My discomfort with conventional grading methodologies has been brewing for quite some time. While I’ll admit to some initial skepticism when I first read Peter Elbow’s Everyone Can Write during my first semester of graduate school, I think much of that comes from the kinds of socialization Kevin M. Gannon describes in Radical Hope: A Teaching Manifesto. He warns us that “[t]he higher education trope that sees students as adversaries until proven otherwise, that equates rigor with hazing, can suffuse almost every aspect of our practice if we aren’t careful. Indeed, it often does––and it comes to do so early” (Gannon 116). I see now that this is exactly what had happened to me. Even though I was claiming to value things like experimentation and risk taking, integrating lower-stakes assignments in an attempt to allow my students space to work through their ideas before submitting larger projects, I wasn’t truly putting my pedagogical money where my mouth was. I grew increasingly frustrated by the way that students who did not perform well on the first paper of a semester often “turned off” and “tuned out” for the rest of the course, with their poor performance often reinforcing their own negative self-images of themselves as writers. Or, as Gannon points out, it was kind of my own fault.
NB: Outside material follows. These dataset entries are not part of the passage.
Lemma log_sum_le (I : finType) (P : pred I) (a b : I -> R) :
  (forall i, 0 <= a i) -> (forall i, 0 <= b i) -> (forall i, P i -> 0 < a i -> 0 < b i) ->
  (\sum_(i | P i) a i) * ln ((\sum_(i | P i) a i) / \sum_(i | P i) b i) <=
  \sum_(i | P i) a i * ln (a i / b i).
Proof.
move=> a_ge0 b_ge0 ab.
set A := \sum_(i | P i) a i; set B := \sum_(i | P i) b i; have [A0|A_neq0] := eqVneq A 0.
  have a0 := psumr_eq0P (fun i _ => a_ge0 i) A0.
  by rewrite A0 mul0r big1 // => i Pi; rewrite a0 // mul0r.
have A_gt0 : 0 < A by rewrite lt_def A_neq0 sumr_ge0.
have B_gt0 : 0 < B by apply: psumr_gt0_dominated A_gt0.
have k_gt0 : 0 < A / B by rewrite divr_gt0.
have split_ln i : P i ->
    a i * ln (a i / (b i * (A / B))) = a i * ln (a i / b i) - a i * ln (A / B).
  move=> Pi; have [->|ai_neq0] := eqVneq (a i) 0; first by rewrite !mul0r subrr.
  have ai_gt0 : 0 < a i by rewrite lt_def ai_neq0 a_ge0.
  by rewrite invfM mulrA (@ln_div _ (a i / b i)) ?posrE ?divr_gt0 ?ab // mulrBr.
have -> : A * ln (A / B) = \sum_(i | P i) a i * ln (A / B) by rewrite mulr_suml.
rewrite -subr_ge0 -sumrB -(eq_bigr _ split_ln).
apply: gibbs_le => [// | i | i Pi ai_gt0 | ].
- by rewrite mulr_ge0 // ltW.
- by rewrite mulr_gt0 ?ab.
- by rewrite -mulr_suml -/B mulrCA mulfV ?gt_eqF // mulr1.
Qed.

Lemma expE_ge0 (x : \bar R) : 0 <= expE x.
Proof. by case: x => //= r; exact: expR_ge0. Qed.

Lemma klterm_fin a b : 0 <= a -> (0 < a -> 0 < b) -> klterm a b = (a * ln (a / b))%:E.
Proof.
rewrite /klterm; have [->|a_neq0 a_ge0 ab] := eqVneq a 0; first by rewrite mul0r.
by rewrite gt_eqF // ab // lt_def a_neq0.
Qed.

Lemma klterm_neqNy a b : klterm a b != -oo%E.
Proof. by rewrite /klterm; case: ifP => //; case: ifP. Qed.

Lemma klterm_eqy a : 0 < a -> klterm a 0 = +oo%E.
Proof. by move=> a_gt0; rewrite /klterm gt_eqF // eqxx. Qed.

Lemma klterm_mull w x : 0 <= w -> 0 <= x -> klterm (w * x) x = (w * x * ln w)%:E.
Proof.
move=> w_ge0 x_ge0; rewrite /klterm; have [->|wx_neq0] := eqVneq (w * x) 0.
  by rewrite mul0r.
have x_neq0 : x != 0 by apply: contraNneq wx_neq0 => ->; rewrite mulr0.
by rewrite (negbTE x_neq0) mulfK.
Qed.

Lemma klterm_sum_le (I : finType) (P : pred I) (a b : I -> R) :
  (forall i, 0 <= a i) -> (forall i, 0 <= b i) ->
  (klterm (\sum_(i | P i) a i) (\sum_(i | P i) b i) <= \sum_(i | P i) klterm (a i) (b i))%E.
Proof.
move=> a_ge0 b_ge0.
have [[i [Pi [ai_gt0 bi0]]] | not_dom] :=
  pselect (exists i, P i /\ 0 < a i /\ b i = 0).
  suff -> : (\sum_(i | P i) klterm (a i) (b i) = +oo)%E by rewrite leey.
  apply/eqP; rewrite esum_eqy => [|j _]; last exact: klterm_neqNy.
  by apply/existsP; exists i; apply/andP; split => //; rewrite bi0 klterm_eqy.
have ab i : P i -> 0 < a i -> 0 < b i.
  move=> Pi ai_gt0; rewrite lt_def b_ge0 andbT.
  by apply/eqP => bi0; apply: not_dom; exists i.
rewrite (eq_bigr _ (fun i Pi => klterm_fin (a_ge0 i) (ab i Pi))) sumEFin.
rewrite klterm_fin ?sumr_ge0 ?lee_fin ?log_sum_le // => A_gt0.
exact: psumr_gt0_dominated A_gt0.
Qed.

End Entropy.

Section RelativeEntropy.
Variables (R : realType) (C : Type) (ctype : C -> ty).
Variables (xi : sent ctype -> R) (e : nat -> sent ctype).
Hypothesis xi_prob : is_prob xi.

Lemma klterm_refine_le (mu : sent ctype -> R) (I J : finType)
    (c : I -> sent ctype) (d : J -> sent ctype) (r : J -> I) :
  is_prob mu -> sent_partition c -> sent_partition d ->
  (forall M j, holds M (d j) -> holds M (c (r j))) ->
  (\sum_i klterm (mu (c i)) (xi (c i)) <= \sum_j klterm (mu (d j)) (xi (d j)))%E.
Proof.
move=> mu_prob c_part d_part dc.
have coarse nu : is_prob nu -> forall i, nu (c i) = \sum_(j | r j == i) nu (d j).
  move=> nu_prob i; apply: prob_sum_cells => // M j /[dup] /dc cj dj.
  by apply/idP/eqP => [ci | <- //]; apply: (proj1 c_part M).
rewrite (partition_big r xpredT) //=; apply: lee_sum => i _.
by rewrite !coarse //; apply: klterm_sum_le => j; exact: prob_ge0.
Qed.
He says:

In an irony that would be amusing were it not so maddening, we (speaking broadly) are often the architects of our own frustrations. Students narrowly focused on GPAs and careerism? Students who are reluctant to critically engage texts, ideas, or issues? Maybe they’ve internalized what a set of learning environments fashioned along the lines of [Paolo Freire’s] banking concept has told them is important. (48)

I wanted to move to a model which allowed my students space for failure––a necessary part of learning to do anything, let alone learning to write well––space for them to go back and try again. As John Warner says in Why They Can’t Write, “[t]raditional grading systems often distort the values many instructors claim to find most important” (218). I claimed to value experimentation and process and learning, yet assigning grades had the opposite effect. I wanted them to pay attention to their writing, to how much they were learning, but instead they paid attention to the grades they were earning.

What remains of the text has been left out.